The Man and the Snake
I
Stretched at ease upon a sofa, in
gown and slippers, Harker Brayton smiled as he read the foregoing sentence in
old Morryster's "Marvells of Science." "The only marvel in the
matter," he said to himself, "is that the wise and learned in
Morryster's day should have believed such nonsense as is rejected by most of
even the ignorant in ours."
A train of reflections
followed—for Brayton was a man of thought— and he unconsciously lowered his
book without altering the direction of his eyes. As soon as the volume had gone
below the line of sight, something in an obscure corner of the room recalled
his attention to his surroundings. What he saw, in the shadow under his bed,
were two small points of light, apparently about an inch apart. They might have
been reflections of the gas jet above him, in metal nail heads; he gave them
but little thought and resumed his reading. A moment later something—some
impulse which it did not occur to him to analyze—impelled him to lower the book
again and seek for what he saw before. The points of light were still there.
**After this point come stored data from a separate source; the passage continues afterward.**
Theorem lemma3p4 (R : realType) (d : nat)
  (U : 'rV[R]_d -> R) (l : 'rV[R]_d -> 'rV[R]_d) (sigma : 'rV[R]_d)
  (lam mu : R) :
  Ck 3 U -> morse U ->
  Ck_field 1 l ->
  (forall x, \sum_(i < d) grad U x 0 i * l x 0 i = 0) ->
  critical_point U sigma ->
  (* H^sigma has exactly one negative eigenvalue -lam (multiplicity one) *)
  0 < lam ->
  eigenvalue (hessian U sigma) (- lam) ->
  \rank (eigenspace (hessian U sigma) (- lam)) = 1%N ->
  (forall a : R, a < 0 -> eigenvalue (hessian U sigma) a -> a = - lam) ->
  (* -mu is the unique negative eigenvalue of H^sigma + L^sigma *)
  0 < mu ->
  eigenvalue (hessian U sigma + jacobian_field l sigma) (- mu) ->
  (forall a : R, a < 0 ->
     eigenvalue (hessian U sigma + jacobian_field l sigma) a -> a = - mu) ->
  lam <= mu /\
  lam / (2 * pi * Num.sqrt (- \det (hessian U sigma)))
    <= mu / (2 * pi * Num.sqrt (- \det (hessian U sigma))).
Proof.
move=> C3U morseU C1l grad_l_orth crit lam_gt0 _ _ neg_eigH mu_gt0 eigHJ _.
have C2U := CkS C3U.
have Hsym := hessian_tr sigma C2U.
have Hu : hessian U sigma \in unitmx by rewrite unitmxE unitfE morseU.
have l0 : l sigma = 0.
  by rewrite -(mulmxK Hu (l sigma)) (field_mul_hessian_eq0 C2U C1l grad_l_orth crit) mul0mx.
have eigH_shift r : eigenvalue (hessian U sigma) r -> 0 <= r * (r + lam).
  move=> eigr; have [r_lt0|r_ge0] := ltrP r 0.
    by rewrite (neg_eigH r r_lt0 eigr) addNr mulr0.
  by rewrite mulr_ge0 // addr_ge0 // ltW.
have lam_le_mu : lam <= mu.
  apply: (neg_eigenvalue_skew_perturbation_ge Hsym Hu _ _ mu_gt0 eigHJ) => y.
    exact: hessian_jacobian_qform0 C2U C1l grad_l_orth crit y l0.
  exact: symmx_qform_shift_ge0.
split=> //; rewrite ler_wpM2r // invr_ge0 mulr_ge0 ?sqrtr_ge0 // mulr_ge0 ?pi_ge0 //.
Qed.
They seemed to have become brighter than before, shining with a greenish luster
which he had not at first observed. He thought, too, that they might have moved
a trifle—were somewhat nearer. They were still too much in the shadow, however,
to reveal their nature and origin to an indolent attention, and he resumed his
reading. Suddenly something in the text suggested a thought which made him
start and drop the book for the third time to the side of the sofa, whence,
escaping from his hand, it fell sprawling to the floor, back upward. Brayton,
half-risen, was staring intently into the obscurity beneath the bed, where the
points of light shone with, it seemed to him, an added fire. His attention was
now fully aroused, his gaze eager and imperative. It disclosed, almost directly
beneath the foot rail of the bed, the coils of a large serpent—the points of
light were its eyes! Its horrible head, thrust flatly forth from the innermost
coil and resting upon the outermost, was directed straight toward him, the
definition of the wide, brutal jaw and the idiotlike forehead serving to show
the direction of its malevolent gaze. The eyes were no longer merely luminous
points; they looked into his own with a meaning, a malign significance.
II
A snake in a bedroom of a modern
city dwelling of the better sort is, happily, not so common a phenomenon as to
make explanation altogether needless. Harker Brayton, a bachelor of
thirty-five, a scholar, idler, and something of an athlete, rich, popular, and
of sound health, had returned to San Francisco from all manner of remote and
unfamiliar countries. His tastes, always a trifle luxurious, had taken on an
added exuberance from long privation; and the resources of even the Castle
Hotel being inadequate for their perfect gratification, he had gladly accepted
the hospitality of his friend, Dr. Druring, the distinguished scientist. Dr.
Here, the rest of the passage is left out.